Records from a dataset:
══════════════════════════════

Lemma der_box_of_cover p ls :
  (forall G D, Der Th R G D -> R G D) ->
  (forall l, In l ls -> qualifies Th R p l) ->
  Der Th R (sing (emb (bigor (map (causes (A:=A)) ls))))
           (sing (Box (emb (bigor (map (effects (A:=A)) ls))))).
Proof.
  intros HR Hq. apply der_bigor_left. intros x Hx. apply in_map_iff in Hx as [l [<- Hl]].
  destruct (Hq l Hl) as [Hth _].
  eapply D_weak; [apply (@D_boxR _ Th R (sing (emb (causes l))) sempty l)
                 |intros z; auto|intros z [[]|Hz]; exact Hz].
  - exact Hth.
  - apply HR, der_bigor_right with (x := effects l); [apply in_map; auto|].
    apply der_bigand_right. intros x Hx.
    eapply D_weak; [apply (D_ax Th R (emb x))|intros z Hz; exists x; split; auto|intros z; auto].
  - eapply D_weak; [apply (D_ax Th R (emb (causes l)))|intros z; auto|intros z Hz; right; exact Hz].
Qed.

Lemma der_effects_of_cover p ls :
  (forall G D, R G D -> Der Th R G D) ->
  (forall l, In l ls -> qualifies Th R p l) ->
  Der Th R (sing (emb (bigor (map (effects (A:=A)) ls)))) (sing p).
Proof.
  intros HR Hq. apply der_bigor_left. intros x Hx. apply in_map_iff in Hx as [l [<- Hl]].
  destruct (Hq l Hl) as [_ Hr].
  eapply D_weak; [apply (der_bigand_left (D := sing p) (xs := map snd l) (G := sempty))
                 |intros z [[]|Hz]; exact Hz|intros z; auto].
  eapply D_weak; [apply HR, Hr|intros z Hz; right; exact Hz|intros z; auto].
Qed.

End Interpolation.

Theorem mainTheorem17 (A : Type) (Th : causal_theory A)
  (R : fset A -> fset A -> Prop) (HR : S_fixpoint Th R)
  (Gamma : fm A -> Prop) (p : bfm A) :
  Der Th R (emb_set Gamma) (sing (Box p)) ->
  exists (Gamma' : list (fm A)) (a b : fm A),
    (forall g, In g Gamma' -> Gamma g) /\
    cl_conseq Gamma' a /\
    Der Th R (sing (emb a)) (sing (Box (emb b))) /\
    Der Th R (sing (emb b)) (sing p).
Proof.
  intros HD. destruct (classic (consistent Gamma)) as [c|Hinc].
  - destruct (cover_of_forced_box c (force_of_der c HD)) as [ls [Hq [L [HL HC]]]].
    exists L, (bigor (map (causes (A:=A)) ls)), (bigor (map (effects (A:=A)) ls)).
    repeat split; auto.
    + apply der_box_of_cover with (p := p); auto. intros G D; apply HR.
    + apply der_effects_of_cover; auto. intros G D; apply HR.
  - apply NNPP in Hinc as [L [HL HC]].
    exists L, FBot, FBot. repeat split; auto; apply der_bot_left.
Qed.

══════════════════════════════

### Directions for this task
The response must consist solely of the lines from the first line of the entries through the line containing "- exact Hth.", repeated exactly.

### Completed exercise
Lemma der_box_of_cover p ls :
  (forall G D, Der Th R G D -> R G D) ->
  (forall l, In l ls -> qualifies Th R p l) ->
  Der Th R (sing (emb (bigor (map (causes (A:=A)) ls))))
           (sing (Box (emb (bigor (map (effects (A:=A)) ls))))).
Proof.
  intros HR Hq. apply der_bigor_left. intros x Hx. apply in_map_iff in Hx as [l [<- Hl]].
  destruct (Hq l Hl) as [Hth _].
  eapply D_weak; [apply (@D_boxR _ Th R (sing (emb (causes l))) sempty l)
                 |intros z; auto|intros z [[]|Hz]; exact Hz].
  - exact Hth.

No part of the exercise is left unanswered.